*** RECORDS SHOWN ***

(* For every integer $n\ge 2$, let $a_o$ (resp. $a_e$) be the total number of odd (resp. even) parts, counted with multiplicity, over all partitions in $\mathcal{H}_n$. Then $$a_o=(n+2)\cdot 2^{n-3}\qquad\text{and}\qquad a_e=n\cdot 2^{n-3}.$$
   Context: A partition is a finite nonempty weakly decreasing sequence $\lambda=(\lambda_1,\ldots,\lambda_k)$ of positive integers; $\ell(\lambda)=k$. The perimeter is $\Gamma(\lambda)=\lambda_1+\ell(\lambda)-1$; $\mathcal{H}_n$ is the set of partitions with perimeter $n$. *)

From mathcomp Require Import all_boot.
Set Implicit Arguments. Unset Strict Implicit. Unset Printing Implicit Defensive.

Definition is_partition (s : seq nat) : bool :=
  [&& s != [::], sorted geq s & all (fun x => 0 < x) s].

Definition perimeter (s : seq nat) : nat := head 0 s + size s - 1.

Fixpoint seqs_len (m k : nat) : seq (seq nat) :=
  if k is k'.+1 then [seq x :: t | x <- iota 1 m, t <- seqs_len m k'] else [:: [::]].

Definition seqs_upto (m k : nat) : seq (seq nat) :=
  flatten [seq seqs_len m j | j <- iota 0 k.+1].

(* H_n: all partitions of perimeter n.  Any such partition has all parts <= n
   and length <= n, so it occurs (exactly once) in seqs_upto n n. *)
Definition H (n : nat) : seq (seq nat) :=
  [seq s <- seqs_upto n n | is_partition s && (perimeter s == n)].

Definition a_odd (n : nat) : nat := \sum_(s <- H n) count odd s.
Definition a_even (n : nat) : nat := \sum_(s <- H n) count (fun x => ~~ odd x) s.

From mathcomp Require Import all_boot zify.

Set Implicit Arguments.
Unset Strict Implicit.
Unset Printing Implicit Defensive.

(* Every partition of perimeter n + 2 arises from a unique partition of
   perimeter n + 1, either by appending a part 1 (when its smallest part is 1)
   or by adding 1 to every part (otherwise).  Hence |H_(n+1)| = 2^n, and since
   appending 1 adds one odd part while adding 1 to every part swaps parities,
   a_o(n+2) = a_o(n+1) + 2^n + a_e(n+1) and a_e(n+2) = a_e(n+1) + a_o(n+1),
   which the closed forms satisfy. *)

Lemma mem_seqs_len m k s :
  (s \in seqs_len m k) = (size s == k) && all (fun x => 0 < x <= m) s.
Proof.
elim: k s => [|k IH] [|a t] //.
- by apply/allpairsP => -[[x y] /= [_ _]].
- apply/allpairsP/idP => [[[x y] /= [Hx Hy [-> ->]]] | ].
    by move: Hx Hy; rewrite mem_iota IH eqSS => /andP[-> Hx] /andP[-> ->]; rewrite andbT; lia.
  rewrite eqSS => /and3P[Hs Ha Ht]; exists (a, t) => /=; split => //.
    by rewrite mem_iota; lia.
  by rewrite IH Hs.
Qed.

Lemma uniq_seqs_len m k : uniq (seqs_len m k).
Proof.
elim: k => [|k IH] //=.
apply: allpairs_uniq => //; first exact: iota_uniq.
by move=> [x y] [x' y'] _ _ /= [-> ->].
Qed.

Lemma seqs_uptoS m k : seqs_upto m k.+1 = seqs_upto m k ++ seqs_len m k.+1.
Proof. by rewrite /seqs_upto -addn1 iotaD map_cat flatten_cat /= cats0. Qed.

Lemma mem_seqs_upto m k s :
  (s \in seqs_upto m k) = (size s <= k) && all (fun x => 0 < x <= m) s.
Proof.
elim: k => [|k IH]; first by case: s.
rewrite seqs_uptoS mem_cat IH mem_seqs_len.
by case: (all _ s); rewrite ?andbF ?andbT //; lia.
Qed.

Lemma uniq_seqs_upto m k : uniq (seqs_upto m k).
Proof.
elim: k => [|k IH] //.
rewrite seqs_uptoS cat_uniq IH uniq_seqs_len andbT.
by apply/hasPn => s; rewrite mem_seqs_len mem_seqs_upto => /andP[/eqP -> _]; rewrite ltnn.
Qed.

Lemma partition_head_max a t : is_partition (a :: t) -> all (fun x => x <= a) t.
Proof. by case/and3P => _ /=; rewrite path_sortedE //; [case/andP | exact: rev_trans leq_trans]. Qed.

Lemma mem_H n (s : seq nat) : (s \in H n) = is_partition s && (perimeter s == n).
Proof.
rewrite mem_filter; case Hp: (is_partition s) => //=.
case: eqP => //= <-; rewrite mem_seqs_upto.
case: s Hp => [|a t] Hp //; have /allP Hmax := partition_head_max Hp.
case/and3P: Hp => _ _ /= /andP[Ha /allP Ht].
rewrite /perimeter /=; apply/and3P; split; [lia | lia |].
by apply/allP => x xt; rewrite Ht //=; have := Hmax x xt; lia.
Qed.

Lemma uniq_H n : uniq (H n).
Proof. exact/filter_uniq/uniq_seqs_upto. Qed.

Lemma H_parts_gt0 n t : t \in H n -> all (leq 1) t.
Proof. by rewrite mem_H => /andP[/and3P[]]. Qed.

Lemma mem_H_map_succn n t : all (leq 1) t -> (map succn t \in H n.+1) = (t \in H n).
Proof.
rewrite !mem_H; case: t => [|a t] // /andP[Ha Hpos].
rewrite /is_partition /perimeter /= path_map all_map size_map Ha.
have -> : all (leq 1) t by [].
have -> : all (preim succn (leq 1)) t by apply/allP.
by rewrite !andbT addSn subSS subn0 addnS subn1 eqSS.
Qed.

Lemma mem_H_rcons1 n t : (rcons t 1 \in H n.+2) = (t \in H n.+1).
Proof.
rewrite !mem_H; case: t => [|a t] //.
rewrite /is_partition /perimeter /= rcons_path all_rcons size_rcons !addnS !subn1 /= eqSS.
case Ha: (0 < a); case Ht: (all (leq 1) t); rewrite ?andbF //.
have Hpos : all (leq 1) (a :: t) by rewrite /= Ha.
by rewrite (allP Hpos _ (mem_last a t)) !andbT.
Qed.

Lemma partition_rcons1_or_ge2 s :
  is_partition s -> (exists t, s = rcons t 1) \/ all (leq 2) s.
Proof.
case/lastP: s => [|t x] // /and3P[_].
rewrite (sorted_pairwise (rev_trans leq_trans)) pairwise_rcons all_rcons.
move=> /andP[/allP Hmin _] /andP[Hx _].
have [-> | x_neq1] := eqVneq x 1; first by left; exists t.
right; rewrite all_rcons ltn_neqAle eq_sym x_neq1 Hx /=.
by apply/allP => y /Hmin /=; lia.
Qed.

Lemma perm_H_rec n :
  perm_eq (H n.+2) ([seq rcons t 1 | t <- H n.+1] ++ [seq map succn t | t <- H n.+1]).
Proof.
apply: uniq_perm; first exact: uniq_H.
  rewrite cat_uniq !map_inj_uniq ?uniq_H ?andbT //; [|exact: inj_map succn_inj|exact: rcons_injl].
  apply/hasPn => _ /mapP[u /H_parts_gt0 /allP u_gt0 ->]; apply/mapP => -[t _ Heq].
  have /mapP[y /u_gt0] : 1 \in map succn u by rewrite Heq mem_rcons mem_head.
  by case: y.
move=> s; rewrite mem_cat; apply/idP/orP => [Hs | [] /mapP[t Ht ->]].
- move: (Hs); rewrite mem_H => /andP[/partition_rcons1_or_ge2[[t Hst] | s_ge2] _].
    by left; apply/mapP; exists t; rewrite // -mem_H_rcons1 -Hst.
  right; apply/mapP.
  have succn_predn : map succn (map predn s) = s.
    by rewrite -map_comp map_id_in // => y /(allP s_ge2); case: y.
  have predn_gt0 : all (leq 1) (map predn s).
    by rewrite all_map; apply/allP => y /(allP s_ge2); case: y => [|[]].
  by exists (map predn s); rewrite ?succn_predn // -(mem_H_map_succn _ predn_gt0) succn_predn.
- by rewrite (mem_H_rcons1 n t).
- by rewrite (mem_H_map_succn n.+1 (H_parts_gt0 Ht)).
Qed.

Lemma H1E : H 1 = [:: [:: 1]].
Proof. by []. Qed.

Lemma size_H n : size (H n.+1) = 2 ^ n.
Proof.
elim: n => [|n IH]; first by rewrite H1E.
by rewrite (perm_size (perm_H_rec n)) size_cat !size_map IH expnS mul2n addnn.
Qed.

Lemma a_odd_rec n : a_odd n.+2 = a_odd n.+1 + 2 ^ n + a_even n.+1.
Proof.
rewrite /a_odd /a_even (perm_big _ (perm_H_rec n)) big_cat !big_map /=.
under eq_bigr do rewrite -cats1 count_cat.
under [X in _ + X]eq_bigr do rewrite count_map.
by rewrite big_split /= sum1_size size_H.
Qed.

Lemma a_even_rec n : a_even n.+2 = a_even n.+1 + a_odd n.+1.
Proof.
rewrite /a_odd /a_even (perm_big _ (perm_H_rec n)) big_cat !big_map /=.
under eq_bigr do rewrite -cats1 count_cat addn0.
under [X in _ + X]eq_bigr do rewrite count_map.
by congr (_ + _); apply: eq_bigr => t _; apply: eq_count => x; rewrite /= negbK.
Qed.

Theorem corollary2p6 (n : nat) : 2 <= n ->
  8 * a_odd n = (n + 2) * 2 ^ n /\ 8 * a_even n = n * 2 ^ n.
Proof.
case: n => [|[|n]] // _.
elim: n => [|n [IHo IHe]]; first by rewrite a_odd_rec a_even_rec /a_odd /a_even H1E !big_seq1.
rewrite (a_odd_rec n.+1) (a_even_rec n.+1); move: IHo IHe; rewrite !expnS; split; nia.
Qed.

*** End of RECORDS SHOWN ***

Using the data above, repeat exactly the lines that begin at the line with "Definition perimeter (s" and end at the line with "elim: k => [|k IH] //=.", both ends included.

Definition perimeter (s : seq nat) : nat := head 0 s + size s - 1.

Fixpoint seqs_len (m k : nat) : seq (seq nat) :=
  if k is k'.+1 then [seq x :: t | x <- iota 1 m, t <- seqs_len m k'] else [:: [::]].

Definition seqs_upto (m k : nat) : seq (seq nat) :=
  flatten [seq seqs_len m j | j <- iota 0 k.+1].

(* H_n: all partitions of perimeter n.  Any such partition has all parts <= n
   and length <= n, so it occurs (exactly once) in seqs_upto n n. *)
Definition H (n : nat) : seq (seq nat) :=
  [seq s <- seqs_upto n n | is_partition s && (perimeter s == n)].

Definition a_odd (n : nat) : nat := \sum_(s <- H n) count odd s.
Definition a_even (n : nat) : nat := \sum_(s <- H n) count (fun x => ~~ odd x) s.

From mathcomp Require Import all_boot zify.

Set Implicit Arguments.
Unset Strict Implicit.
Unset Printing Implicit Defensive.

(* Every partition of perimeter n + 2 arises from a unique partition of
   perimeter n + 1, either by appending a part 1 (when its smallest part is 1)
   or by adding 1 to every part (otherwise).  Hence |H_(n+1)| = 2^n, and since
   appending 1 adds one odd part while adding 1 to every part swaps parities,
   a_o(n+2) = a_o(n+1) + 2^n + a_e(n+1) and a_e(n+2) = a_e(n+1) + a_o(n+1),
   which the closed forms satisfy. *)

Lemma mem_seqs_len m k s :
  (s \in seqs_len m k) = (size s == k) && all (fun x => 0 < x <= m) s.
Proof.
elim: k s => [|k IH] [|a t] //.
- by apply/allpairsP => -[[x y] /= [_ _]].
- apply/allpairsP/idP => [[[x y] /= [Hx Hy [-> ->]]] | ].
    by move: Hx Hy; rewrite mem_iota IH eqSS => /andP[-> Hx] /andP[-> ->]; rewrite andbT; lia.
  rewrite eqSS => /and3P[Hs Ha Ht]; exists (a, t) => /=; split => //.
    by rewrite mem_iota; lia.
  by rewrite IH Hs.
Qed.

Lemma uniq_seqs_len m k : uniq (seqs_len m k).
Proof.
elim: k => [|k IH] //=.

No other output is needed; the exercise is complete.